De maior poluidora do mundo a referência em pesquisa de energia limpa e desenvolvimento de tecnologia sustentável: a trajetória recente da China mostra que o país não só tem driblado bem seus problemas de poluição como também ganhou expertise em sustentabilidade. Embora esse seja um desafio que cabe a qualquer local, é fácil entender por que a nação asiática precisou enfrentar a questão da mobilidade de forma urgente.
A cidade de Shenzhen exemplifica bem o compromisso em retomar o modelo de desenvolvimento, melhorar a qualidade de vida nas cidades e vender outra imagem para o restante do mundo.
Em apenas 10 anos, a cidade, que era menor e mais poluída que São Paulo, tornou elétrica toda sua frota de ônibus e táxis. A qualidade do ar, a diminuição no consumo de combustível e a melhoria nas ilhas térmicas já podem ser percebidas por lá.
Para tratar de locomoção chinesa, faz sentido começar pelas bicicletas. Assim como na Holanda, esse é um sistema de mobilidade bastante tradicional, embora o tamanho das cidades dificulte sua utilização como alternativa exclusiva. Em razão disso, a China tem dado atenção às bikes compartilhadas, alugadas via aplicativos.
É possível somar esse modal nos trajetos e contar com ele para chegar até um ponto de ônibus ou metrô ou após descer dele. Além disso, como as bicicletas chinesas são elétricas, a solução se encaixa em deslocamentos maiores, uma vez que atingem até 25 quilômetros e não cansam o usuário.
Outra medida importante que segue ganhando adesão massiva é o carro elétrico, que tem ampliado seu mercado tanto em táxis quanto em veículos particulares. Isso ocorre graças à isenção de impostos e aos investimentos no desenvolvimento de novas tecnologias, o que permite uma demanda maior pelos serviços e o barateamento do custo final.
Mas os principais ganhos vêm dos veículos maiores: ônibus.
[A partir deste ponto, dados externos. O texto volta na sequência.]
Lemma lucasU_at_grid m j u : u < u0 a -> theta a u = grid m j ->
  lucasU (2 * u) (rho2 a u) m.+2 = 0 /\
  lucasU (2 * u) (rho2 a u) m.+1 = - (-1) ^+ j * rho a u ^+ m.
Proof.
move=> lt_u tu; have le_u := ltW lt_u; pose U := lucasU (2 * u) (rho2 a u).
have t_grid : theta a u *+ m.+2 = pi *+ j by rewrite tu grid_mulrn.
have r_gt0 := rho_gt0 le_u.
have sin_gt0 : 0 < sin (theta a u).
  apply: sin_gt0_pi; rewrite theta_lt_pi // andbT.
  by have := theta_gt le_u; have := pi_gt0 R; rewrite mulr2n; lra.
have U_trig n : rho a u * U n * sin (theta a u) = rho a u ^+ n * sin (theta a u *+ n).
  rewrite -lucasU_trig (sqr_rho le_u); congr (_ * lucasU (2 * _) _ _ * _).
  by rewrite (cos_theta le_u) mulrCA divff ?mulr1 ?gt_eqF.
split.
  have := U_trig m.+2; rewrite t_grid sin_pi_mulrn mulr0 => /eqP.
  by rewrite !mulf_eq0 (gt_eqF r_gt0) (gt_eqF sin_gt0) orbF => /eqP.
have := U_trig m.+1.
have -> : theta a u *+ m.+1 = pi *+ j - theta a u.
  by rewrite -t_grid [_ *+ m.+2]mulrS; ring.
rewrite sinB sin_pi_mulrn cos_pi_mulrn mul0r sub0r => e.
apply: (mulIf (negbT (gt_eqF sin_gt0))); apply: (mulfI (negbT (gt_eqF r_gt0))) => /=.
by rewrite mulrA e exprS; ring.
Qed.

Lemma H_sign_grid m j u : u < u0 a -> theta a u = grid m j ->
  (-1) ^+ j * (H a m).[zeta a u] < 0.
Proof.
move=> lt_u tu; have [U2 U1] := lucasU_at_grid lt_u tu.
have := H_zeta_lucasU a u m; rewrite U2 U1 mulr0 subr0; set s := -1 - 2 * u => key.
have rhoE := sqr_rho (ltW lt_u).
have D_gt0 : 0 < s ^+ 2 - 2 * u * s + rho2 a u.
  by have := sqr_lt_rho2 lt_u; have := a_le; rewrite /s /rho2; nra.
have s_lt : `|s| < rho a u.
  have := rho_gt0 (ltW lt_u); have := sqr_1D2u_lt_rho2 lt_u.
  by rewrite ltr_norml -rhoE /s; nra.
have sj_lt : (-1) ^+ j * s ^+ m.+2 < rho a u ^+ m.+2.
  by apply: le_lt_trans (ler_norm _) _; rewrite normrMsign normrX ltrXn2r ?normr_ge0.
have e : (-1) ^+ j * (-1) ^+ j = 1 :> R by rewrite -expr2 sqrr_sign.
suff : (-1) ^+ j * ((H a m).[zeta a u] * (s ^+ 2 - 2 * u * s + rho2 a u)) < 0.
  by rewrite mulrA pmulr_llt0.
rewrite key.
have -> : (-1) ^+ j * (s ^+ m.+2 + rho2 a u * (- (-1) ^+ j * rho a u ^+ m)) =
    (-1) ^+ j * s ^+ m.+2 - (-1) ^+ j * (-1) ^+ j * rho a u ^+ m.+2.
  by rewrite -rhoE !exprS; ring.
by rewrite e mul1r subr_lt0.
Qed.

Lemma sign_change_grid m j u v : u < u0 a -> v < u0 a ->
  theta a u = grid m j -> theta a v = grid m j.+1 ->
  sign_change (H a m) (zeta a u) (zeta a v).
Proof.
move=> lt_u lt_v tu tv; apply/andP; split.
  have [mu mv] : u \in `]-oo, u0 a] /\ v \in `]-oo, u0 a] by rewrite !in_itv /= !ltW.
  by rewrite (zeta_mono mu mv) -(theta_mono mu mv) tu tv grid_ltS.
exact: mul_lt0_alt_sign (H_sign_grid lt_u tu) (H_sign_grid lt_v tv).
Qed.

Lemma grid_path m j n : (2 * m.+2 < 3 * j)%N -> (j + n < m.+2)%N ->
  exists2 u, u < u0 a /\ theta a u = grid m j &
    exists2 s, size s = n &
      path (sign_change (H a m)) (zeta a u) s /\ last (zeta a u) s <= Ia_end a.
Proof.
elim: n j => [|n IH] j lo hi; have lt_jm : (j < m.+2)%N by lia.
  have [u lt_u tu] := theta_surj (grid_gt lo) (grid_lt_pi lt_jm).
  exists u; first by split.
  by exists [::] => //; split => //=; apply/ltW/zeta_lt_Ia_end.
have lo' : (2 * m.+2 < 3 * j.+1)%N by lia.
have hi' : (j.+1 + n < m.+2)%N by rewrite addSnnS.
have [v [lt_v tv] [s ss [ps ls]]] := IH j.+1 lo' hi'.
have [u lt_u tu] := theta_surj (grid_gt lo) (grid_lt_pi lt_jm).
exists u; first by split.
exists (zeta a v :: s); first by rewrite /= ss.
by rewrite /= ps (sign_change_grid lt_u lt_v tu tv).
Qed.

(* For m = 3d + r the grid angles in (2pi/3, pi) are j pi/(m+2) with
   2d + 3 <= j <= 3d + 3 if r = 2, and 2d + r + 2 <= j <= 3d + r + 1 otherwise;
   in the latter case the missing sign change is the one at -oo. *)
Lemma H_sign_changes m : exists x s,
  [/\ (size (H a m) <= (size s).+1)%N, path (sign_change (H a m)) x s & last x s <= Ia_end a].
Proof.
have [d [r [lt_r3 ->]]] : exists d r, (r < 3)%N /\ m = (3 * d + r)%N.
  by exists (m %/ 3)%N, (m %% 3)%N; rewrite ltn_mod [in RHS]mulnC -divn_eq.
have [[s0 s1 s2] _] := size_coef_H a d.
have [lt_r2 | ge_r2] := ltnP r 2; last first.
  have -> : r = 2%N by lia.
  have lo : (2 * (3 * d + 2).+2 < 3 * (2 * d + 3))%N by lia.
  have hi : (2 * d + 3 + d < (3 * d + 2).+2)%N by lia.
  have [u _ [s ss [ps ls]]] := grid_path lo hi.
  by exists (zeta a u), s; split; rewrite // ss addn2.
have size_r : (size (H a (3 * d + r)) <= d.+1)%N.
  by case: r lt_r2 {lt_r3} => [|[|]] // _; rewrite ?addn0 ?addn1.
case: d size_r {s0 s1 s2} => [|k] size_r; first by exists (Ia_end a), [::].
have lo : (2 * (3 * k.+1 + r).+2 < 3 * (r + 2 * k.+2))%N by lia.
have hi : (r + 2 * k.+2 + k < (3 * k.+1 + r).+2)%N by lia.
have [u [lt_u tu] [s ss [ps ls]]] := grid_path lo hi.
have [y lt_y Hy] := H_sign_minfty a k.+1 (zeta a u) lt_r2.
exists y, (zeta a u :: s); split => //=; first by rewrite ss.
rewrite ps andbT /sign_change lt_y /= mulrC.
apply: (@mul_lt0_alt_sign _ r); last by rewrite exprS mulN1r mulNr oppr_lt0.
by have := H_sign_grid lt_u tu; rewrite exprD mulnC exprM sqrr_sign mulr1.
Qed.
Embora boa parte das cidades chinesas tenha metrôs movidos a eletricidade e que não impactam a malha viária superficial, esse é um modal com alto custo de implantação, por isso é frequente que os ônibus de trânsito rápido (BRT) sejam preferidos.
O modelo já é adotado em Pequim, capital do país, e em Guangzhou, que ganhou o Prêmio de Transporte Sustentável e o Prêmio Lighthouse da Organização das Nações Unidas (ONU).
O plano passa, agora, por eletrificar os BRTs. A tendência é que toneladas de dióxido de carbono deixem de ser emitidas, o que vai melhorar a qualidade do ar e a saúde da população e diminuirá gastos com combustíveis fósseis, tornando o transporte coletivo menos suscetível às contínuas crises do petróleo.
Por décadas, a China teve crescimento excepcional e um modelo produtivo pouco atento à questão ambiental. Paradoxalmente, foi o desenvolvimento econômico promovido por essa dinâmica que permitiu ao país fazer os investimentos necessários para iniciar a substituição de uma economia agressiva em termos ambientais, sociais e econômicos por uma economia capaz de empregar saídas mais sustentáveis.
Segundo a antropóloga brasileira Rosana Pinheiro-Machado, que em seu doutorado se dedicou a compreender a transformação cultural da China, é justamente esse movimento combinado que explica como a nação asiática surge como uma potência deste século.
Foi o crescimento pautado nas exportações de artigos eletrônicos com preço acessível que gerou o milagre chinês: um longo período de crescimento econômico, suficiente para financiar outros modelos de desenvolvimento, a exemplo do que ocorre com as inovações no transporte coletivo.
Por isso, é provável que a China passe a ser referência de exportação de itens de alta tecnologia também em soluções urbanas: assim como smartphones capazes de concorrer com as gigantes do mercado, carros e ônibus elétricos tendem a se consolidar no rol de criações do país.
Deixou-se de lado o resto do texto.